How Subplots Can Enhance Your Story

Subplots are a great way to strengthen your romance novel. Particularly if you’re writing for one of Harlequin’s longer category romances. We often see subplots in lines like Harlequin Historical, Harlequin Romantic Suspense, Harlequin Heartwarming, and more. These longer stories give you room to add a secondary story—one that can do a lot of heavy lifting!

Subplots can strengthen a story in a number of ways. They can:

  • Tell us more about the leading couple through interactions with secondary characters, or through your leading couple’s reaction to a certain situation. We can watch them grow!
  • Inform us of setting and the characters’ world. A subplot about a local festival, for example, might show us the colorful community the characters live in.
  • Set the tone or create a mood. Add comedy with a feel-good subplot featuring pets or toddlers; or intensify the emotion through a character’s relationship with a long-lost relative.
  • Help with pacing! Subplots may help speed the story up with extra action or slow a fast-paced story down when needed.

If you’re submitting to one of Harlequin’s longer category romances, there’s plenty of room to add a secondary story that can help drive the romance forward. We asked the editors of some of Harlequin’s longer category romances to share on subplots, including what works in their series!

Katie Gowrie, Editorial Assistant for Harlequin Heartwarming, says:

“Subplots can enrich a story and the world it takes place in. In a Heartwarming, subplots aren’t filler! They help drive the story forward and develop the characters, conflict, and romance. In Heartwarming, subplots can be based around a number things: familial relationships (the hero connecting with his teen daughter, the heroine’s relationship with her aunt, etc.);  secondary romances between other characters in the cast (the leading couple’s friends, or a second-chance romance between an older couple); even a light mystery element is fun (finding a lost family heirloom, for example). These can all work to tell us more about your couple and their lives as they fall for each other.”

Carly Silver, Associate Editor for Harlequin Romantic Suspense, says:

“I find the best subplots tie into the hero and heroine’s journey and help further their emotional growth. For example, if the hero is protecting the heroine from a would-be killer and they must live together for safety, perhaps a subplot could be them adjusting to living together, the way their relationship progresses in domestic terms as it also does in a romantic sense.”

The Harlequin Historical editorial team says:

“In Historical Romance, with a 70,000-word count, there is some room to develop sub plots—but they must enable you to keep the focus firmly on the hero and heroine and reveal the characters’ goals and deeper emotional conflicts and therefore drive the emotional development of your romance. The subplots can be anything from warring clans in Highlander and Viking stories, to a mystery, a road trip—even helping a secondary character or trying to prevent a match in Regency or Victorian time periods. The subplots that don’t work so well are ones which separate your hero and heroine or overtake the central romance.”

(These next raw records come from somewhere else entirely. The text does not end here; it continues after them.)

Lemma card_common_setD1_ge2 (D : {set V}) (t s : V) :
  D \in rcliques -> D :\: K = [set t] -> K :\: D = [set s] -> ~~ e t s ->
  2 <= #|(K :&: C) :\ s|.
Proof.
move=> D_rcl Dt Ks nts; have /rcliquesP[cC Ccl] := C_rcl; have /rcliquesP[_ Dcl] := D_rcl.
have /setDP[tD tK] : t \in D :\: K by rewrite Dt set11.
have /setDP[sK _] : s \in K :\: D by rewrite Ks set11.
have cCK : #|C :\: K| <= 2.
  exact: leq_trans (subset_leq_card (setD_sub_out_nbhd Ccl w0C w0K)) (card_out_nbhd w0K).
have cKC : #|K :&: C| + #|C :\: K| = r by rewrite setIC cardsID.
(* If t is in C then s is not; otherwise a vertex w of (K :&: C) :\ s, which
   lies in D, sees t and all of C :\: K outside K, so #|C :\: K| <= 1. *)
have := cardsD1 s (K :&: C); rewrite inE sK /=.
have [tC|tC] := boolP (t \in C).
  suff -> : s \in C = false by rewrite add0n => <-; clear -cCK cKC r_ge4; lia.
  apply: contraNF nts => sC; move/cliqueP: Ccl => Ccl.
  by apply: Ccl => //; apply: contraNneq tK => ->.
move=> cKCs; have : 0 < #|(K :&: C) :\ s| by clear -cCK cKC cKCs r_ge4; lia.
case/card_gt0P => w; rewrite !inE => /and3P[ws wK wC].
have sub : t |: (C :\: K) \subset out w.
  rewrite subUset setD_sub_out_nbhd // sub1set andbT.
  by apply: (subsetP (setD_sub_out_nbhd Dcl (memD_set1 Ks wK ws) wK)); rewrite inE tK.
have := leq_trans (subset_leq_card sub) (card_out_nbhd wK).
rewrite cardsU1 inE (negbTE tC) andbF /= => cCK1.
by clear -cCK1 cKC cKCs r_ge4; lia.
Qed.

Lemma split_out_nbhd_absurd (D1 D2 : {set V}) :
  D1 \in rcliques -> D2 \in rcliques -> u \in D2 ->
  out u = D1 :\: K :|: D2 :\: K -> #|out u| = 2 -> #|D1 :\: K| = 1 -> False.
Proof.
move=> D1_rcl D2_rcl uD2 out_u cu c1.
have [t [s [D1t KD1 nts]]] := rclique_setD_card1 D1_rcl c1.
(* The vertices of (K :&: C) :\ s lie in D1, hence not in D2; as there are at
   least two of them, D2 :\: K must be all of out u, so both t and s lie in D2. *)
have cP := card_common_setD1_ge2 D1_rcl D1t KD1 nts.
have /rcliquesP[cK _] := K_rcl; have /rcliquesP[_ D1cl] := D1_rcl.
have /rcliquesP[cD2 D2cl] := D2_rcl.
have /setDP[sK _] : s \in K :\: D1 by rewrite KD1 set11.
have /setDP[_ tK] : t \in D1 :\: K by rewrite D1t set11.
have ts : t != s by apply: contraNneq tK => ->.
have notD2 w : w \in K -> w \in C -> w != s -> w \notin D2.
  move=> wK wC ws; apply/negP => wD2; apply/negP: (out_nbhd_not_subset wK wC cu).
  by rewrite out_u subUset !setD_sub_out_nbhd ?(memD_set1 KD1).
have PD2 : (K :&: C) :\ s \subset K :\: D2.
  by apply/subsetP => w; rewrite !inE => /and3P[ws wK wC]; rewrite wK notD2.
have cKD2 : #|K :\: D2| = #|D2 :\: K| by apply: cardsD_sym; rewrite cK cD2.
have D2u : D2 :\: K \subset out u by rewrite out_u subsetUr.
have := subset_leq_card D2u; rewrite cu => cD2K.
have eP : (K :&: C) :\ s = K :\: D2.
  by apply/eqP; rewrite eqEcard PD2 /=; clear -cP cKD2 cD2K; lia.
have sD2 : s \in D2.
  apply: contraT => sD2; have : s \in K :\: D2 by rewrite inE sD2 sK.
  by rewrite -eP !inE eqxx.
have /setDP[tD2 _] : t \in D2 :\: K.
  have /eqP -> : D2 :\: K == out u by rewrite eqEcard D2u cu -cKD2 -eP.
  by rewrite out_u D1t !inE eqxx.
by move/cliqueP: D2cl => D2cl; rewrite D2cl in nts.
Qed.

Lemma rcliques_through_eq (D1 D2 : {set V}) :
  D1 \in rcliques -> D2 \in rcliques -> D1 != K -> D2 != K ->
  u \in D1 -> u \in D2 -> D1 = D2.
Proof.
move=> D1_rcl D2_rcl D1K D2K uD1 uD2; apply/eqP/negPn/negP => D12.
have [out_u cu] := out_nbhd_two_rcliques D1_rcl D2_rcl D1K D2K D12 uK uD1 uD2.
have [c1|c1] := eqVneq #|D1 :\: K| 1.
  exact: split_out_nbhd_absurd D1_rcl D2_rcl uD2 out_u cu c1.
have [c2|c2] := eqVneq #|D2 :\: K| 1.
  by rewrite setUC in out_u; exact: split_out_nbhd_absurd D2_rcl D1_rcl uD1 out_u cu c2.
have eq_out D : D \in rcliques -> D != K -> u \in D -> #|D :\: K| != 1 -> D :\: K = out u.
  move=> D_rcl DK uD cD; have /rcliquesP[_ Dcl] := D_rcl.
  have sub := setD_sub_out_nbhd Dcl uD uK; have D0 := rclique_setD_gt0 D_rcl DK.
  have := subset_leq_card sub; rewrite cu => cD2.
  by apply/eqP; rewrite eqEcard sub cu; clear -cD D0 cD2; lia.
have eqD : D1 :\: K = D2 :\: K.
  by rewrite (eq_out D1) // (eq_out D2).
by rewrite (rclique_setD_inj D1_rcl D2_rcl eqD) eqxx in D12.
Qed.

Lemma hyper_degree_le2 : k u <= 2.
Proof.
rewrite /hyper_degree (cardsD1 K) in_star K_rcl uK ltnS.
apply/card_le1_eqP => D1 D2; rewrite !in_setD1 !in_star.
move=> /and3P[D1K D1_rcl uD1] /and3P[D2K D2_rcl uD2].
exact: rcliques_through_eq.
Qed.
Definition min_resolution (M : vf) : presol M :=
  @PResol _ _ _ M (fun d => projT1 (min_cover (syzygy M d)))
    (fun d i => projT2 (min_cover (syzygy M d.+1)) i *m kinc (min_cover_nat (syzygy M d)) i)
    (projT2 (min_cover M)).

Lemma min_resolution_Presolution (M : vf) : is_Presolution P (min_resolution M).
Proof.
split; first by move=> d; exact: is_nat_comp (min_cover_nat _) (kinc_nat _).
split; first exact: min_cover_nat.
split; first by move=> d; apply: Pfree_Pprojective; case: (min_coverP (syzygy M d)).
split.
  move=> a inPa; split=> [be _ i | al nal _]; first by rewrite /ncomp /nzero mulmx0.
  by case: (min_coverP M) => _ _ ep _; exact: ep.
split; first by apply: Pexact_kinc; first by case: (min_coverP (syzygy M 1)).
move=> d; apply: Pexact_kinc; first by case: (min_coverP (syzygy M d.+2)).
move=> i m u; rewrite mulmxA; split=> [|->]; last by rewrite mul0mx.
by rewrite -(mul0mx _ (kinc (min_cover_nat (syzygy M d)) i)) => /kinc_inj.
Qed.

Lemma min_resolution_endo_unit (M : vf)
    (f : forall d, ntr (rC (min_resolution M) d) (rC (min_resolution M) d)) :
  is_Pres_endo f -> forall d i, f d i \in unitmx.
Proof.
move=> [nf [f_comm f_aug]].
pose p d := projT2 (min_cover (syzygy M d)).
have unit_of d (phi : ntr (syzygy M d) (syzygy M d)) : is_nat phi ->
    (forall i, phi i \in unitmx) -> (forall i, f d i *m p d i = p d i *m phi i) ->
    forall i, f d i \in unitmx.
  by case: (min_coverP (syzygy M d)) => _ _ _; apply; exact: nf.
suff inv d : exists phi : ntr (syzygy M d) (syzygy M d), [/\ is_nat phi,
    forall i, phi i \in unitmx & forall i, f d i *m p d i = p d i *m phi i].
  by move=> d; have [phi [nphi uphi fp]] := inv d; exact: unit_of fp.
elim: d => [|d [phi [nphi uphi fp]]].
  exists (nid M); split; [exact: is_nat_id | by move=> i; rewrite unitmx1 |].
  by move=> i; rewrite /nid mulmx1; exact: f_aug.
have [psi [npsi upsi psiE]] :=
  kinc_restrict_unit (min_cover_nat (syzygy M d)) (nf d) (unit_of d phi nphi uphi fp) uphi fp.
exists psi; split=> // i; apply: kinc_inj.
rewrite -mulmxA; move: (f_comm d i); rewrite /ncomp /= => ->.
by rewrite -mulmxA -psiE mulmxA.
Qed.

Lemma Pprojective_Pfree (C : vf) : Pprojective P C -> Pfree P C.
Proof.
move=> projC; case: (min_coverP C) => -[n [t [inPt [io [pr C0_biprod]]]]] np ep pmin.
set p := projT2 (min_cover C) in np ep pmin.
have [s [ns sp]] := projC _ _ p np ep (nid C) (is_nat_id C).
have sp1 i : s i *m p i = 1%:M by exact: sp.
have ups i : p i *m s i \in unitmx.
  apply: (pmin _ (nid C) (is_nat_comp np ns) (is_nat_id C)) => [j|j].
    by rewrite unitmx1.
  by rewrite /nid mulmx1 -mulmxA sp1 mulmx1.
pose s' i := s i *m invmx (p i *m s i).
have ps' i : p i *m s' i = 1%:M by rewrite mulmxA mulmxV.
have s'p i : s' i *m p i = 1%:M.
  suff E : invmx (p i *m s i) *m p i = p i by rewrite -mulmxA E sp1.
  by apply: (canLR (mulKmx (ups i))); rewrite -mulmxA sp1 mulmx1.
exists n, t; split=> //; do 2!eexists.
apply: (biproduct_iso C0_biprod np _ ps' s'p).
exact: is_nat_comp ns (is_nat_invmx (is_nat_comp np ns) ups).
Qed.

End MinimalResolution.

Theorem corollary5p12 (K : fieldType)
  (dI : Order.disp_t) (I : finPOrderType dI)
  (dJ : Order.disp_t) (J : finPOrderType dJ)
  (P : pfun K I J) :
  thin P ->
  (forall M : vfun K I, exists R : presol M, is_min_Presolution P R) /\
  acyclic P.
Proof.
move=> thinP; split=> [M | C]; last exact: Pprojective_Pfree.
exists (min_resolution thinP M); split; first exact: min_resolution_Presolution.
move=> f endof d; apply: is_iso_unitmx; first exact: endof.1.
exact: min_resolution_endo_unit endof d.
Qed.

However you choose to work a subplot into your story, remember these tips from our editors. Experiment with finding the right balance—use your subplot to tell us about your leading couple and their journey rather than take away from it. But don’t feel limited by what we think; try it yourself and see what works for you! We love getting surprised by a story with an exciting, sweet, or suspenseful subplot that further enhances a great romance!

What are your tips on crafting subplots? Share with us in the comments below!

One reply on “How Subplots Can Enhance Your Story”

Here is a craft question.
One of the most basic rules in any novel is to trust your reader. But I think the reader must trust the author’s world and story.
( An aside, I believe the submitted work by an author to an editor is a promise of sale. The back cover of the novel (blurb?) is a contract between the reader and the author. The author in the back cover promises the reader that this summary is what will happen in this book.)

Here is my question:

In the plots and subplots of stories, how do you explain your “world and the character’s occupations etc. without overloading or short changing the reader? (insulting intelligence and so forth)

In a few of my “potential projects”, I have found myself bogged down in the details of the world when the gem of the ideas are “Harry met Sally and both learned to work at the fair together.”

With my projects, I don’t view many secondary interactions as subplots. I view it as expanding on the world to make my characters real.